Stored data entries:
——

(* Let $\alpha,\beta,\nu>0$ and set $\beta_t=t\beta$, $\alpha_t=\sqrt{t+1}\,\alpha$, $\gamma_t=\frac{\alpha\nu}{\beta\sqrt{t+1}}$, $\omega_t=1$. Then for every integer $t\ge1$ and every symmetric positive definite $\boldsymbol\Sigma\in\mathbb{R}^{d\times d}$ there exists a symmetric matrix $\boldsymbol H\in\mathbb{R}^{d\times d}$ such that $$\boldsymbol H\preceq\frac1{\alpha_t}\Big(\frac{\beta_{t+1}}{\beta_t}-\omega_t\Big)\boldsymbol I+\frac{\beta_{t+1}\gamma_t}{\alpha_t}\boldsymbol\Sigma\quad\text{and}\quad\nu\boldsymbol I\preceq\boldsymbol\Sigma^{-1/2}\boldsymbol H\boldsymbol\Sigma^{-1/2}.$$ In particular, along any run of the CASBO algorithm with these parameters, the constraints on $\boldsymbol H_k^t$ (with $\boldsymbol\Sigma=\boldsymbol\Sigma_k^t$) are always feasible.
   Context: $\preceq$ denotes the Loewner order on symmetric matrices; $\boldsymbol\Sigma^{-1/2}$ is the inverse of the symmetric positive definite square root. In the CASBO algorithm, at iteration $t$ and for block $k$, a symmetric matrix $\boldsymbol H_k^t$ must be chosen satisfying exactly the two displayed constraints with $\boldsymbol\Sigma$ the current covariance $\boldsymbol\Sigma_k^t$ (which is symmetric positive definite). *)

From HB Require Import structures.
From mathcomp Require Import all_boot all_order all_algebra.
Set Implicit Arguments. Unset Strict Implicit. Unset Printing Implicit Defensive.
Import Order.TTheory GRing.Theory Num.Theory.
Local Open Scope ring_scope.

Section Defs.
Variable R : rcfType.

Definition qform (d : nat) (A : 'M[R]_d) (x : 'cV[R]_d) : R := (x^T *m A *m x) 0 0.

Definition sym_mx (d : nat) (A : 'M[R]_d) : Prop := A^T = A.

Definition psd (d : nat) (A : 'M[R]_d) : Prop :=
  sym_mx A /\ forall x : 'cV[R]_d, 0 <= qform A x.

Definition spd (d : nat) (A : 'M[R]_d) : Prop :=
  sym_mx A /\ forall x : 'cV[R]_d, x != 0 -> 0 < qform A x.

Definition loewner_le (d : nat) (A B : 'M[R]_d) : Prop := psd (B - A).

Definition is_spd_sqrt (d : nat) (S Sigma : 'M[R]_d) : Prop :=
  spd S /\ S *m S = Sigma.

Definition beta_t (beta : R) (t : nat) : R := t%:R * beta.
Definition alpha_t (alpha : R) (t : nat) : R := Num.sqrt (t.+1)%:R * alpha.
Definition gamma_t (alpha beta nu : R) (t : nat) : R :=
  alpha * nu / (beta * Num.sqrt (t.+1)%:R).
Definition omega_t (t : nat) : R := 1.

End Defs.

From HB Require Import structures.
From mathcomp Require Import all_boot all_order all_algebra.
From mathcomp Require Import ring.
Import Order.TTheory GRing.Theory Num.Theory.
Local Open Scope ring_scope.

(* The witness is H = nu Sigma.  Whitening by Sigma^(-1/2) turns it into
   exactly nu I, and with this schedule the coefficient of Sigma in the upper
   bound is exactly nu, so the upper bound reduces to c I >= 0 for the
   coefficient c = 1 / (t alpha_t) of the identity. *)

Section Loewner.
Variables (R : rcfType) (d : nat).

Lemma psd_scalar_mx (c : R) : 0 <= c -> psd (c%:M : 'M[R]_d).
Proof.
move=> c_ge0; split; first by rewrite /sym_mx tr_scalar_mx.
move=> x; rewrite /qform mul_mx_scalar -scalemxAl mxE mulr_ge0 // !mxE.
by apply: sumr_ge0 => i _; rewrite mxE -expr2 sqr_ge0.
Qed.

Lemma loewner_lexx (A : 'M[R]_d) : loewner_le A A.
Proof. by rewrite /loewner_le subrr -(raddf0 (@scalar_mx R d)); apply: psd_scalar_mx. Qed.

Lemma loewner_le_addl (c : R) (A : 'M[R]_d) :
  0 <= c -> loewner_le A (c%:M + A).
Proof. by move=> c_ge0; rewrite /loewner_le addrK; apply: psd_scalar_mx. Qed.

Lemma spd_unitmx (A : 'M[R]_d) : spd A -> A \in unitmx.
Proof.
move=> [_ A_pos]; rewrite unitmxE unitfE; apply/negP => /det0P [v v_neq0 vA0].
have := A_pos v^T; rewrite trmx_eq0 => /(_ v_neq0).
by rewrite /qform trmxK vA0 mul0mx mxE ltxx.
Qed.

Lemma invmx_spd_sqrt_conj (S Sigma : 'M[R]_d) :
  is_spd_sqrt S Sigma -> invmx S *m Sigma *m invmx S = 1%:M.
Proof.
move=> [/spd_unitmx S_unit <-].
by rewrite !mulmxA (mulVmx S_unit) mul1mx (mulmxV S_unit).
Qed.

End Loewner.

Section Schedule.
Variables (R : rcfType) (alpha beta nu : R).
Hypotheses (alpha_gt0 : 0 < alpha) (beta_gt0 : 0 < beta).

Let sqrt_gt0 (t : nat) : 0 < Num.sqrt (t.+1)%:R :> R.
Proof. by rewrite sqrtr_gt0 ltr0n. Qed.

Lemma casbo_Sigma_coef (t : nat) :
  beta_t beta t.+1 * gamma_t alpha beta nu t / alpha_t alpha t = nu.
Proof.
rewrite /beta_t /gamma_t /alpha_t.
have := sqrt_gt0 t; have : Num.sqrt (t.+1)%:R ^+ 2 = (t.+1)%:R :> R.
  by rewrite sqr_sqrtr // ler0n.
set s := Num.sqrt _ => <- s_gt0; field.
by rewrite !gt_eqF.
Qed.

Lemma casbo_identity_coef (t : nat) : (1 <= t)%N ->
  (alpha_t alpha t)^-1 * (beta_t beta t.+1 / beta_t beta t - omega_t R t)
  = (t%:R * alpha_t alpha t)^-1.
Proof.
move=> t_ge1; have t_gt0 : 0 < t%:R :> R by rewrite ltr0n.
have := sqrt_gt0 t; rewrite /alpha_t /beta_t /omega_t -natr1 => s_gt0.
by field; rewrite !gt_eqF ?mulr_gt0.
Qed.

Lemma casbo_identity_coef_ge0 (t : nat) : (1 <= t)%N ->
  0 <= (alpha_t alpha t)^-1 * (beta_t beta t.+1 / beta_t beta t - omega_t R t).
Proof.
move=> t_ge1; rewrite casbo_identity_coef // invr_ge0 mulr_ge0 ?ler0n //.
by rewrite ltW // mulr_gt0 ?sqrtr_gt0 ?ltr0n.
Qed.

End Schedule.

Theorem theorem3 (R : rcfType) (alpha beta nu : R)
  (halpha : 0 < alpha) (hbeta : 0 < beta) (hnu : 0 < nu)
  (t : nat) (ht : (1 <= t)%N) (d : nat) (Sigma : 'M[R]_d)
  (hSigma : spd Sigma) :
  exists H : 'M[R]_d,
    sym_mx H /\
    loewner_le H
      (((alpha_t alpha t)^-1 * (beta_t beta t.+1 / beta_t beta t - omega_t R t))%:M
         + ((beta_t beta t.+1 * gamma_t alpha beta nu t / alpha_t alpha t) *: Sigma)) /\
    (forall S : 'M[R]_d, is_spd_sqrt S Sigma ->
       loewner_le nu%:M (invmx S *m H *m invmx S)).
Proof.
exists (nu *: Sigma); split; last split.
- by rewrite /sym_mx linearZ /=; case: hSigma => ->.
- rewrite casbo_Sigma_coef //; apply: loewner_le_addl.
  exact: casbo_identity_coef_ge0.
- move=> S S_sqrt; rewrite -scalemxAr -scalemxAl invmx_spd_sqrt_conj //.
  by rewrite scalemx1; apply: loewner_lexx.
Qed.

——

The reply should consist solely of the lines above from the one that has "t) *: Sigma)) /\" through the one that has "exact: casbo_identity_coef_ge0.", reproduced exactly.

         + ((beta_t beta t.+1 * gamma_t alpha beta nu t / alpha_t alpha t) *: Sigma)) /\
    (forall S : 'M[R]_d, is_spd_sqrt S Sigma ->
       loewner_le nu%:M (invmx S *m H *m invmx S)).
Proof.
exists (nu *: Sigma); split; last split.
- by rewrite /sym_mx linearZ /=; case: hSigma => ->.
- rewrite casbo_Sigma_coef //; apply: loewner_le_addl.
  exact: casbo_identity_coef_ge0.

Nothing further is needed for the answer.